Par Antoine Guerreiro.
Au Panthéon des révolutionnaires, on ne trouve probablement pas de pape. Et pourtant, sans doute pour la première fois depuis qu’il en existe, le décès d’un souverain pontife a été largement pleuré par la gauche, y compris dans ses composantes radicales. Ce phénomène mérite que l’on s’y attarde, tant la religion est un fait social fondamental qui a toujours eu qu’on le veuille ou non – souvent les combattant, parfois les encourageant – maille à partir avec les révolutions.
À vrai dire, personne n’a été surpris de voir le Pape François conspué par CNews1 et salué par L’Humanité2 (sans que cela n’obère ses critiques, sur le sexisme par exemple3). Dès sa nomination en 2013 le premier pape sud-américain de l’histoire tranchait avec ses prédécesseurs, de l’anticommuniste forcené Jean-Paul II à l’ultraconservateur sectaire Benoît XVI. Dans les douze années de son pontificat, il a confirmé cette image de « pape progressiste » au travers de dizaines de déclarations.
Dans une époque plongée dans la fange du racisme et de la guerre, ses prises de parole étaient souvent consacrées à la défense des migrant·es, à l’écologie, à la paix.

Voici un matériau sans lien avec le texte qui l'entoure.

Lemma hasDerivCJXB {v1 v2 v1' v2' : R -> R -> R} :
  hasDerivCJX t0 T v1 v1' -> hasDerivCJX t0 T v2 v2' ->
  hasDerivCJX t0 T (fun t x => v1 t x - v2 t x) (fun t x => v1' t x - v2' t x).
Proof.
move=> dv1 dv2 t tJ e e0.
have [d1 d1_gt0 Hd1] := dv1 t tJ (e / 2) ltac:(lra).
have [d2 d2_gt0 Hd2] := dv2 t tJ (e / 2) ltac:(lra).
exists (Num.min d1 d2); first by rewrite lt_min d1_gt0 d2_gt0.
move=> s sJ /andP[st0]; rewrite lt_min => /andP[sd1 sd2] x xI.
have := Hd1 s sJ (ltac:(by rewrite st0)) x xI; have := Hd2 s sJ (ltac:(by rewrite st0)) x xI.
have st : s - t != 0 by rewrite -normr_gt0.
set q1 := (v1 s x - v1 t x) / (s - t) - v1' t x.
set q2 := (v2 s x - v2 t x) / (s - t) - v2' t x.
have -> : (v1 s x - v2 s x - (v1 t x - v2 t x)) / (s - t) - (v1' t x - v2' t x) = q1 - q2.
  by rewrite /q1 /q2; field.
by have := ler_normB q1 q2; lra.
Qed.

Variable n : nat.
Hypothesis n_gt0 : (0 < n)%N.

Lemma cont_CJX_Pn {v : R -> R -> R} : cont_CJX t0 T v ->
  cont_CJX t0 T (fun t => Pn n (v t)).
Proof.
move=> cv t tJ e e0; have [d d0 Hd] := cv t tJ e e0.
exists d => // s sJ st x xI; rewrite -PnB.
by apply: Pn_norm_le => // j jn _; apply: Hd => //; exact: node_in_I.
Qed.

Lemma hasDerivCJX_Pn {v v' : R -> R -> R} : hasDerivCJX t0 T v v' ->
  hasDerivCJX t0 T (fun t => Pn n (v t)) (fun t => Pn n (v' t)).
Proof.
move=> dv t tJ e e0; have [d d0 Hd] := dv t tJ e e0.
exists d => // s sJ st x xI; rewrite -PnB -Pn_divr -PnB.
by apply: Pn_norm_le => // j jn _; apply: Hd => //; exact: node_in_I.
Qed.

Variables (w : R -> R -> R) (f : R -> R) (xi : R -> R -> R) (u0 : R -> R).
Variables (u un : R -> R -> R) (Mw Lf Mf : R).
Hypotheses (w_meas : forall x, x \in I -> measurable_fun (@Omega R) (w x))
  (w_int : forall x, x \in I -> (\int[mu]_(y in @Omega R) (`|w x y|)%:E <= Mw%:E)%E)
  (f_bounded : forall s, `|f s| <= Mf) (f_lip : forall s r, `|f s - f r| <= Lf * `|s - r|)
  (Lf_ge0 : 0 <= Lf) (Mw_ge0 : 0 <= Mw)
  (u_sol : isSolution t0 T (Nop w f xi) u0 u)
  (un_sol : isSolution t0 T (fun t v => Pn n (Nop w f xi t v)) (Pn n u0) un).
(* Let $\Sigma$ be a finite alphabet, let $y^* = y^*_1 \cdots y^*_n \in \Sigma^*$, let $p \in \Sigma^*$, and let $m(p) = \min_{0 \le j \le n} D(p, y^*_{1..j})$. For a symbol $a \in \Sigma$ define the optimal Q-value $$Q^*(p, a) \;=\; \max_{s \in \Sigma^*} \bigl(-D(p\,a\,s,\; y^* )\bigr).$$ Then $$Q^*(p,a) \;=\; \begin{cases} -m(p) & \text{if there exists } j \in \{0,\dots,n-1\} \text{ with } D(p, y^*_{1..j}) = m(p) \text{ and } y^*_{j+1} = a,\\[2pt] -m(p) - 1 & \text{otherwise.}\end{cases}$$ Furthermore, terminating immediately (i.e. choosing the empty suffix, giving value $-D(p,y^* )$) attains the value $-m(p)$ if and only if $D(p, y^* ) = m(p)$, and otherwise has value at most $-m(p)-1$.
   Context: $D(u,v)$ denotes the Levenshtein edit distance between finite strings $u,v$: the minimum number of single-symbol insertions, deletions and substitutions needed to transform $u$ into $v$. For a string $y^*$ of length $n$, $y^*_{1..j}$ denotes its prefix of length $j$ ($y^*_{1..0}$ is the empty string). Juxtaposition $p\,a\,s$ denotes concatenation of the string $p$, the single symbol $a$, and the string $s$. *)

From mathcomp Require Import all_boot all_order all_algebra.
Set Implicit Arguments. Unset Strict Implicit. Unset Printing Implicit Defensive.
Import GRing.Theory Num.Theory.

(* Levenshtein edit distance, by the standard recursion:
   D([], t) = |t|, D(s, []) = |s|,
   D(a::s, b::t) = min(D(s, b::t)+1, D(a::s, t)+1, D(s,t) + [a<>b]). *)
Fixpoint lev (T : eqType) (s t : seq T) {struct s} : nat :=
  match s with
  | [::] => size t
  | a :: s' =>
      let fix aux (t : seq T) : nat :=
        match t with
        | [::] => size s
        | b :: t' => minn (minn (lev s' t).+1 (aux t').+1) (lev s' t' + (a != b))
        end in aux t
  end.

Definition mpref (T : eqType) (p y : seq T) : nat :=
  \big[minn/lev p [::]]_(j < (size y).+1) lev p (take j y).

Definition is_max_of (S : Type) (f : S -> int) (v : int) : Prop :=
  (exists s, f s = v) /\ (forall s, (f s <= v)%R).

Definition Qstar_is (T : eqType) (p : seq T) (a : T) (y : seq T) (v : int) : Prop :=
  is_max_of (fun s : seq T => (- (lev (p ++ a :: s) y)%:Z)%R) v.

From mathcomp Require Import all_boot all_order all_algebra zify.
Import Order.TTheory GRing.Theory Num.Theory.

Set Implicit Arguments.
Unset Strict Implicit.
Unset Printing Implicit Defensive.

(* An optimal alignment of [u ++ s] against [y] splits [y] into a prefix
   aligned with [u] and a suffix aligned with [s], so
   D(p a s, y) = min_j (D(p, y_{1..j}) + D(a s, y_{j+1..n})) >= m(p),
   and the second summand vanishes iff [a s] is exactly [y_{j+1..n}].
   Hence the value m(p) is reached iff some optimal prefix [y_{1..j}] is
   followed by [a]; otherwise m(p) + 1 is always reached by deleting [a]
   and copying the rest of [y] after an optimal prefix. *)

Section EditDistance.
Variable T : eqType.
Implicit Types (b c : T) (s t u y : seq T).

Lemma lev_cons c b s t :
  lev (c :: s) (b :: t) =
  minn (minn (lev s (b :: t)).+1 (lev (c :: s) t).+1) (lev s t + (c != b)).
Proof. by []. Qed.

Lemma lev0s t : lev [::] t = size t.
Proof. by []. Qed.

Lemma levs0 s : lev s [::] = size s.
Proof. by case: s. Qed.

Lemma lev_consr_le b s t : lev s (b :: t) <= (lev s t).+1.
Proof. by case: s => [|c s]; rewrite ?lev0s // lev_cons; lia. Qed.

Lemma lev_consl_le c s t : lev (c :: s) t <= (lev s t).+1.
Proof. by case: t => [|b t]; rewrite ?levs0 // lev_cons; lia. Qed.

Lemma lev_refl s : lev s s = 0.
Proof. by elim: s => [|c s IHs] //; rewrite lev_cons IHs eqxx; lia. Qed.

Lemma lev_eq0 s t : (lev s t == 0) = (s == t).
Proof.
apply/eqP/eqP => [|->]; last exact: lev_refl.
elim: s t => [|c s IHs] [|b t] //; rewrite lev_cons.
by case: eqP => [<- lev0|_]; [rewrite (IHs t) //; lia | lia].
Qed.

Lemma lev_le_drop s t j : lev s t <= j + lev s (drop j t).
Proof.
elim: t j => [|b t IHt] [|j]; rewrite ?drop0 ?leqnn //=; first lia.
by have := IHt j; have := lev_consr_le b s t; lia.
Qed.

Lemma lev_cat_le_split u s y j : j <= size y ->
  lev (u ++ s) y <= lev u (take j y) + lev s (drop j y).
Proof.
elim: u y j => [|c u IHu] y j le_j.
  by rewrite lev0s size_takel // lev_le_drop.
elim: y j le_j => [|b y IHy] [|j] le_j //.
- by rewrite take0 drop0 !levs0 /= size_cat.
- have := IHu (b :: y) 0 isT.
  by rewrite !take0 !drop0 !levs0 cat_cons lev_cons /=; lia.
- have := IHu (b :: y) j.+1 le_j; have := IHu y j le_j; have := IHy j le_j.
  by rewrite !cat_cons ![take _ (b :: y)]/= ![drop _ (b :: y)]/= !lev_cons; lia.
Qed.

Lemma lev_cat_split u s y : exists2 j, j <= size y &
  lev u (take j y) + lev s (drop j y) <= lev (u ++ s) y.
Proof.
elim: u y => [|c u IHu] y; first by exists 0; rewrite ?take0 ?drop0.
elim: y => [|b y [k le_k IHy]]; first by exists 0; rewrite //= !levs0 size_cat.
rewrite cat_cons in IHy *; rewrite lev_cons.
have [j le_j IHj] := IHu (b :: y); have [i le_i IHi] := IHu y.
set A := lev _ (b :: y); set B := lev _ y; set C := lev _ y + _.
set m := minn _ C; have [->|[->|->]] : m = A.+1 \/ m = B.+1 \/ m = C by lia.
- exists j => //; have := lev_consl_le c u (take j (b :: y)); lia.
- exists k.+1 => //; rewrite [take _ _]/= [drop _ _]/=.
  have := lev_consr_le b (c :: u) (take k y); lia.
- exists i.+1 => //; rewrite [take _ _]/= [drop _ _]/= lev_cons; lia.
Qed.
End EditDistance.

Section PrefixDistance.
Variables (T : eqType) (p y : seq T).

Let F (i : 'I_(size y).+1) := lev p (take i y).

Let mpref_bigmin : mpref p y = \big[Order.min/lev p [::]]_i F i.
Proof. reflexivity. Qed.

Lemma mpref_le_take j : mpref p y <= lev p (take j y).
Proof.
have -> : take j y = take (minn j (size y)) y by rewrite take_min take_size.
rewrite mpref_bigmin.
exact: (bigmin_le _ (Ordinal (geq_minr j (size y) : _ < (size y).+1)) F).
Qed.

Lemma mpref_attained : exists2 j, j <= size y & lev p (take j y) = mpref p y.
Proof.
case: (arg_minnP F (isT : predT ord0)) => j _ min_j.
exists j; first by rewrite -ltnS.
apply/eqP; rewrite eqn_leq mpref_le_take andbT mpref_bigmin.
rewrite -leEnat; apply: le_bigmin => [|i _]; rewrite leEnat ?min_j //.
by rewrite -[[::]](take0 y); exact: (min_j ord0).
Qed.

Lemma mpref_le_lev_cat s : mpref p y <= lev (p ++ s) y.
Proof.
have [j _ le_split] := lev_cat_split p s y.
by apply: leq_trans (mpref_le_take j) (leq_trans (leq_addr _ _) le_split).
Qed.

Variable a : T.

Definition extends_optimal_prefix :=
  exists j, [/\ j < size y, lev p (take j y) = mpref p y & nth a y j = a].

Lemma lev_cat_cons_mpref :
  extends_optimal_prefix -> exists s, lev (p ++ a :: s) y = mpref p y.
Proof.
case=> j [lt_j opt_j nth_j]; exists (drop j.+1 y).
apply/eqP; rewrite eqn_leq mpref_le_lev_cat andbT.
have := lev_cat_le_split p (a :: drop j.+1 y) (ltnW lt_j).
by rewrite -{2}nth_j -drop_nth // lev_refl addn0 opt_j.
Qed.

Lemma mpref_lt_lev_cat_cons s :
  ~ extends_optimal_prefix -> mpref p y < lev (p ++ a :: s) y.
Proof.
move=> not_ext; have [j _ le_split] := lev_cat_split p (a :: s) y.
have := mpref_le_take j; case: ltnP => // ge_lev le_take.
have opt_j : lev p (take j y) = mpref p y by lia.
have /eqP : lev (a :: s) (drop j y) = 0 by lia.
rewrite lev_eq0 => /eqP drop_j; case: not_ext; exists j; split => //.
  by rewrite -subn_gt0 -size_drop -drop_j.
by rewrite -[j]addn0 -nth_drop -drop_j.
Qed.

Lemma lev_cat_cons_le_mpref_succ :
  exists s, lev (p ++ a :: s) y <= (mpref p y).+1.
Proof.
have [j le_j opt_j] := mpref_attained; exists (drop j y).
apply: leq_trans (lev_cat_le_split _ _ le_j) _.
by rewrite opt_j -addn1 leq_add2l -(lev_refl (drop j y)) lev_consl_le.
Qed.

End PrefixDistance.

Lemma Qstar_is_opp_min (T : eqType) (p : seq T) (a : T) (y : seq T) (m : nat) :
  (exists s, lev (p ++ a :: s) y = m) -> (forall s, m <= lev (p ++ a :: s) y) ->
  Qstar_is p a y (- m%:Z)%R.
Proof.
case=> s sE ge_m; split=> [|t]; first by exists s; rewrite sE.
by rewrite lerN2 lez_nat.
Qed.

Local Open Scope ring_scope.

Theorem mainTheorem3 (Sigma : finType) (y p : seq Sigma) (a : Sigma) :
  ((exists j : nat, [/\ (j < size y)%N,
                        lev p (take j y) = mpref p y
                      & nth a y j = a]) ->
     Qstar_is p a y (- (mpref p y)%:Z))
  /\ (~ (exists j : nat, [/\ (j < size y)%N,
                             lev p (take j y) = mpref p y
                           & nth a y j = a]) ->
     Qstar_is p a y (- (mpref p y)%:Z - 1))
  /\ ((- (lev p y)%:Z = - (mpref p y)%:Z) <-> lev p y = mpref p y)
  /\ (lev p y <> mpref p y -> - (lev p y)%:Z <= - (mpref p y)%:Z - 1).
Proof.
have le_mpref_lev : (mpref p y <= lev p y)%N.
  by rewrite -{2}[p]cats0 mpref_le_lev_cat.
split; [|split; [|split; lia]].
- move=> ext; apply: Qstar_is_opp_min => [|s]; last exact: mpref_le_lev_cat.
  exact: lev_cat_cons_mpref.
- move=> not_ext; rewrite -opprD -PoszD addn1.
  apply: Qstar_is_opp_min => [|s]; last exact: mpref_lt_lev_cat_cons.
  have [s le_s] := lev_cat_cons_le_mpref_succ p y a.
  by exists s; apply/eqP; rewrite eqn_leq le_s mpref_lt_lev_cat_cons.
Qed.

Le 8 juillet 2013, son premier voyage fut ainsi à Lampedusa pour alerter sur « la mondialisation de l’indifférence » face au sort des migrant·es4. Dans le même temps, il eut des propos très conservateurs, comme lorsqu’il qualifiait les médecins pratiquant l’IVG de « tueurs à gage »5. Pour résumer, disons donc que dans l’étroite fenêtre d’Overton des papes, François était sans doute classé à l’extrême-gauche !
« Ça fait du bien »
Confrontés à la disparition d’un chef suprême de l’Église catholique qui n’était pas ultra-conservateur, les leaders de la gauche française ont réagi en mettant en valeur ses apports progressistes au débat public. « À l’époque où Gérald Darmanin nous qualifiait d’écoterroristes, les mots du pape François sur l’écologie nous ont fait un bien fou » a écrit Marine Tondelier (EELV)6, quand Olivier Faure (PS) a salué un pape qui « osait parler de fraternité »7. Fabien Roussel (PCF) a évoqué « des mots forts pour défendre la dignité humaine face à l’argent-roi »8, tandis que Jean-Luc Mélenchon (LFI) a loué « sa contribution à la difficile résistance morale au génocide des Palestiniens à Gaza »9.

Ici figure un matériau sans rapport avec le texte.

Lemma dens_ratio_unbounded Phi {p : set_system nat} {pU : UltraFilter p} E (a : R) :
  Folner Phi -> nonprincipal p -> 0 < a -> p [set N | a < dens_ratio Phi E N] ->
  forall M, exists2 x, E x & (M <= x)%nat.
Proof.
move=> FPhi np a_gt0 pE M; apply: contrapT => noE.
have EM : E `<=` [set x | (x < M)%nat].
  by move=> x Ex; rewrite /= ltnNge; apply/negP => Mx; apply: noE; exists x.
pose K := Num.truncn (M%:R / a).
have [N [/= aE KN]] := filter_ex
  (filterI pE (nonprincipal_ultra_eventually np (folner_card_gt FPhi K))).
have := lt_le_trans aE (dens_ratio_le_bound Phi N EM).
apply/negP; rewrite -leNgt ler_pdivrMr ?ltr0n ?(leq_ltn_trans (leq0n K)) //.
rewrite mulrC -ler_pdivrMr // (le_trans (ltW (truncnS_gt _))) // ler_nat.
exact: KN.
Qed.

Lemma infinite_range_incr (g : nat -> nat) :
  (forall k, (g k < g k.+1)%nat) -> infinite_set (range g).
Proof.
move=> g_incr; apply/infiniteP.
have g_inj : injective g := incn_inj (leq_mono (homo_ltn ltn_trans g_incr)).
by have /card_eqPle[] := inj_card_eq (in2W g_inj) (A := setT).
Qed.

Lemma subset_nonincreasing T (F : nat -> set T) :
  (forall k, F k.+1 `<=` F k) -> forall i j, (i <= j)%nat -> F j `<=` F i.
Proof.
move=> FS; apply: (homo_leq (r := fun X Y => Y `<=` X)).
- by move=> X.
- by move=> Y X Z YX ZY; apply: subset_trans YX.
- exact: FS.
Qed.

Record stage := Stage { st_E : set nat; st_P : set nat; st_b : nat; st_c : nat }.

Section Extension.
Variables (Phi : nat -> {fset nat}) (p : set_system nat) (A : set nat).
Context {pU : UltraFilter p}.

Definition shifts_dense (E : set nat) : Prop :=
  exists2 eta : R, 0 < eta &
    p [set n | p [set N | eta < dens_ratio Phi (shiftset A n `&` E) N]].

Definition shifts_sparse (E : set nat) : Prop :=
  forall eps : R, 0 < eps ->
    p [set n | p [set N | dens_ratio Phi (shiftset A n `&` E) N <= eps]].

Lemma not_shifts_dense_sparse E : ~ shifts_dense E -> shifts_sparse E.
Proof.
move=> not_dense eps eps_gt0.
have not_pE : ~ p [set n | p [set N | eps < dens_ratio Phi (shiftset A n `&` E) N]].
  by move=> pE; apply: not_dense; exists eps.
apply: (filterS _ (ultra_setC not_pE)) => n /ultra_setC.
by apply: filterS => N /negP; rewrite -leNgt.
Qed.

Lemma shifts_sparse0 : shifts_sparse set0.
Proof.
move=> eps eps_gt0; apply: filterE => n; apply: filterE => N /=.
by rewrite setI0 dens_ratio_set0 ltW.
Qed.

Lemma shifts_sparseU E F :
  shifts_sparse E -> shifts_sparse F -> shifts_sparse (E `|` F).
Proof.
move=> E_sparse F_sparse eps eps_gt0; have eps2_gt0 : 0 < eps / 2 by rewrite divr_gt0.
apply: filterS2 (E_sparse _ eps2_gt0) (F_sparse _ eps2_gt0) => n pE pF.
apply: filterS2 pE pF => N /= EN FN.
by rewrite setIUr; apply: le_trans (dens_ratioU _ _ _ _) _; lra.
Qed.
Lemma path_segment (e : rel nat) i j : (forall t, e t t.+1) -> path e i (segment i j).
Proof.
move=> e_succ; rewrite /segment; move: (j - i) => d {j}.
by elim: d i => //= d IH i; rewrite e_succ IH.
Qed.

Lemma modn_eq_leq_sub k m n : m < n -> m = n %[mod k] -> k <= n - m.
Proof.
move=> lt_mn eq_mn; apply: dvdn_leq; first by rewrite subn_gt0.
by rewrite -eqn_mod_dvd ?eq_mn // ltnW.
Qed.

Definition residue_class n k r := [seq i <- iota 0 n | i %% k == r].

Lemma mem_residue_class n k r i : (i \in residue_class n k r) = (i < n) && (i %% k == r).
Proof. by rewrite mem_filter mem_iota andbC. Qed.

Section HamiltonianPath.
Variables (T : finType) (A : rel T) (x : T) (p : seq T).
Hypothesis x_p_dipath : dipath A x p.

Let S i := nth x (x :: p) i.
Let step i j := (j == i.+1) || A (S i) (S j).

Definition index_dipath a q :=
  [&& all (fun i => i <= size p) (a :: q), path step a q & uniq (a :: q)].

Lemma nth_path_inj i j : i <= size p -> j <= size p -> S i = S j -> i = j.
Proof. by move=> i_le j_le /eqP; rewrite nth_uniq ?(andP x_p_dipath).2 // => /eqP. Qed.

Lemma step_arc i j : A (S i) (S j) -> step i j.
Proof. by move=> Aij; rewrite /step Aij orbT. Qed.

Lemma path_step_segment i j : path step i (segment i j).
Proof. by apply: path_segment => t; rewrite /step eqxx. Qed.

Lemma dipath_of_index_dipath a q : index_dipath a q -> dipath A (S a) (map S q).
Proof.
move=> /and3P[q_le path_q uniq_q]; apply/andP; split.
  rewrite path_map; apply: (sub_in_path _ q_le path_q) => i j _.
  rewrite unfold_in => j_le; case/orP=> [/eqP j_succ | //].
  by move: j_le; rewrite j_succ; apply: (pathP x (andP x_p_dipath).1).
move/allP: q_le => q_le.
by rewrite -map_cons map_inj_in_uniq // => i j /q_le i_le /q_le j_le; apply: nth_path_inj.
Qed.

Lemma two_blocks_of_index_dipaths k1 k2 a q1 q2 :
  index_dipath a q1 -> index_dipath a q2 -> last a q1 = last a q2 ->
  k1 <= size q1 -> k2 <= size q2 ->
  (forall i, i \in a :: q1 -> i \in a :: q2 -> i = a \/ i = last a q1) ->
  has_subdiv_two_blocks A k1 k2.
Proof.
move=> dq1 dq2 last_eq k1_le k2_le meet.
exists (S a), (S (last a q1)), (map S q1), (map S q2); split.
- by split; apply: dipath_of_index_dipath.
- by rewrite !last_map last_eq.
- by rewrite size_map.
- by rewrite size_map.
move=> v; rewrite -!map_cons => /mapP[i iq1 ->] /mapP[j jq2 Sij].
have /and3P[/allP q1_le _ _] := dq1; have /and3P[/allP q2_le _ _] := dq2.
have ij := nth_path_inj (q1_le i iq1) (q2_le j jq2) Sij; rewrite -{}ij in jq2.
by case: (meet i iq1 jq2) => ->; [left | right].
Qed.

Lemma index_dipath_segment i j : i <= j <= size p -> index_dipath i (segment i j).
Proof.
move=> /andP[ij j_le]; apply/and3P; split.
- by apply/allP => t; rewrite inE mem_segment /=; lia.
- exact: path_step_segment.
- by rewrite cons_uniq mem_segment ltnn segment_uniq.
Qed.

Lemma index_dipath_cons a b q : A (S a) (S b) -> a <= size p -> a \notin b :: q ->
  index_dipath b q -> index_dipath a (b :: q).
Proof.
move=> Aab a_le a_notin /and3P[q_le path_q uniq_q]; apply/and3P; split.
- by apply/andP.
- by apply/andP; split; first exact: step_arc.
- by rewrite cons_uniq a_notin.
Qed.

Lemma index_dipath_rcons a q b : A (S (last a q)) (S b) -> b <= size p -> b \notin a :: q ->
  index_dipath a q -> index_dipath a (rcons q b).
Proof.
move=> Ab b_le b_notin /and3P[q_le path_q uniq_q].
rewrite /index_dipath -rcons_cons all_rcons rcons_path rcons_uniq.
by rewrite unfold_in b_le q_le path_q step_arc // b_notin uniq_q.
Qed.

Ltac segment_arith :=
  try move=> ?;
  rewrite ?last_rcons ?size_rcons /= ?last_segment ?size_segment -?rcons_cons
    ?mem_rcons ?inE ?mem_segment; lia.

Lemma crossing_arcs_two_blocks k1 k2 i j k l :
  k2 <= k1 -> i < j -> j < k -> k < l -> l <= size p -> k1 <= j - i -> k1 <= l - k ->
  adjacent A (S i) (S k) -> adjacent A (S j) (S l) -> has_subdiv_two_blocks A k1 k2.
Proof.
move=> k21 ij jk kl l_le gap_ij gap_kl.
have dipath_ij : index_dipath i (segment i j) by apply: index_dipath_segment; lia.
have dipath_kl : index_dipath k (segment k l) by apply: index_dipath_segment; lia.
have last_ij : last i (segment i j) = j by rewrite last_segment // ltnW.
have last_kl : last k (segment k l) = l by rewrite last_segment // ltnW.
(* In each orientation the two arcs close the segments i..j and k..l into a
   two-blocks cycle whose source and sink lie among i, j, k, l. *)
case/orP=> [ik|ki] /orP[jl|lj].
- apply: (@two_blocks_of_index_dipaths _ _ i (k :: segment k l) (rcons (segment i j) l));
    try segment_arith.
  + by apply: index_dipath_cons => //; segment_arith.
  + by apply: index_dipath_rcons; rewrite ?last_ij //; segment_arith.
- apply: (@two_blocks_of_index_dipaths _ _ i (rcons (k :: segment k l) j) (segment i j));
    try segment_arith.
  apply: index_dipath_rcons; rewrite /= ?last_kl //; try segment_arith.
  by apply: index_dipath_cons => //; segment_arith.
- apply: (@two_blocks_of_index_dipaths _ _ k (rcons (i :: segment i j) l) (segment k l));
    try segment_arith.
  apply: index_dipath_rcons; rewrite /= ?last_ij //; try segment_arith.
  by apply: index_dipath_cons => //; segment_arith.
- apply: (@two_blocks_of_index_dipaths _ _ k (i :: segment i j) (rcons (segment k l) j));
    try segment_arith.
  + by apply: index_dipath_cons => //; segment_arith.
  + by apply: index_dipath_rcons; rewrite ?last_kl //; segment_arith.
Qed.

Lemma residue_class_crossing_free k1 k2 r : k2 <= k1 -> ~ has_subdiv_two_blocks A k1 k2 ->
  crossing_free (fun i j => adjacent A (S i) (S j)) (residue_class (size (x :: p)) k1 r).
Proof.
move=> k21 no_sub i j k l; rewrite !mem_residue_class.
move=> /andP[_ /eqP ir] /andP[_ /eqP jr] /andP[_ /eqP kr] /andP[l_le /eqP lr] ij jk kl.
move=> adj_ik adj_jl; apply: no_sub.
by apply: (crossing_arcs_two_blocks k21 ij jk kl l_le) => //; apply: modn_eq_leq_sub;
  rewrite // ?ir ?jr ?kr ?lr.
Qed.

End HamiltonianPath.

Dans ces déclarations, le champ lexical de la parole est omniprésent. Mais au fond, qu’ont changé tous les discours du Pape à la situation internationale ? Les migrant·es ont-ils cessé de mourir dans la Méditerranée ? Les coupables de cette situation sont-ils jugés, en prison, ou bien toujours au pouvoir dans les ministères européens ? La menace de guerre mondiale, en Europe, au Moyen-Orient, s’est-elle éloignée, ou rapprochée ? Si le lourd bilan de la dernière décennie n’est certes pas à mettre sur le dos du Pape, la responsabilité des forces de gauche doit en revanche être interrogée, car il est urgent de faire mieux. Et disons-le franchement : les larmes de crocodile sur le pape et les migrant·es, de la part de parlementaires qui n’ont pas voté la censure de Bayrou (et donc de Retailleau…), sont insupportables.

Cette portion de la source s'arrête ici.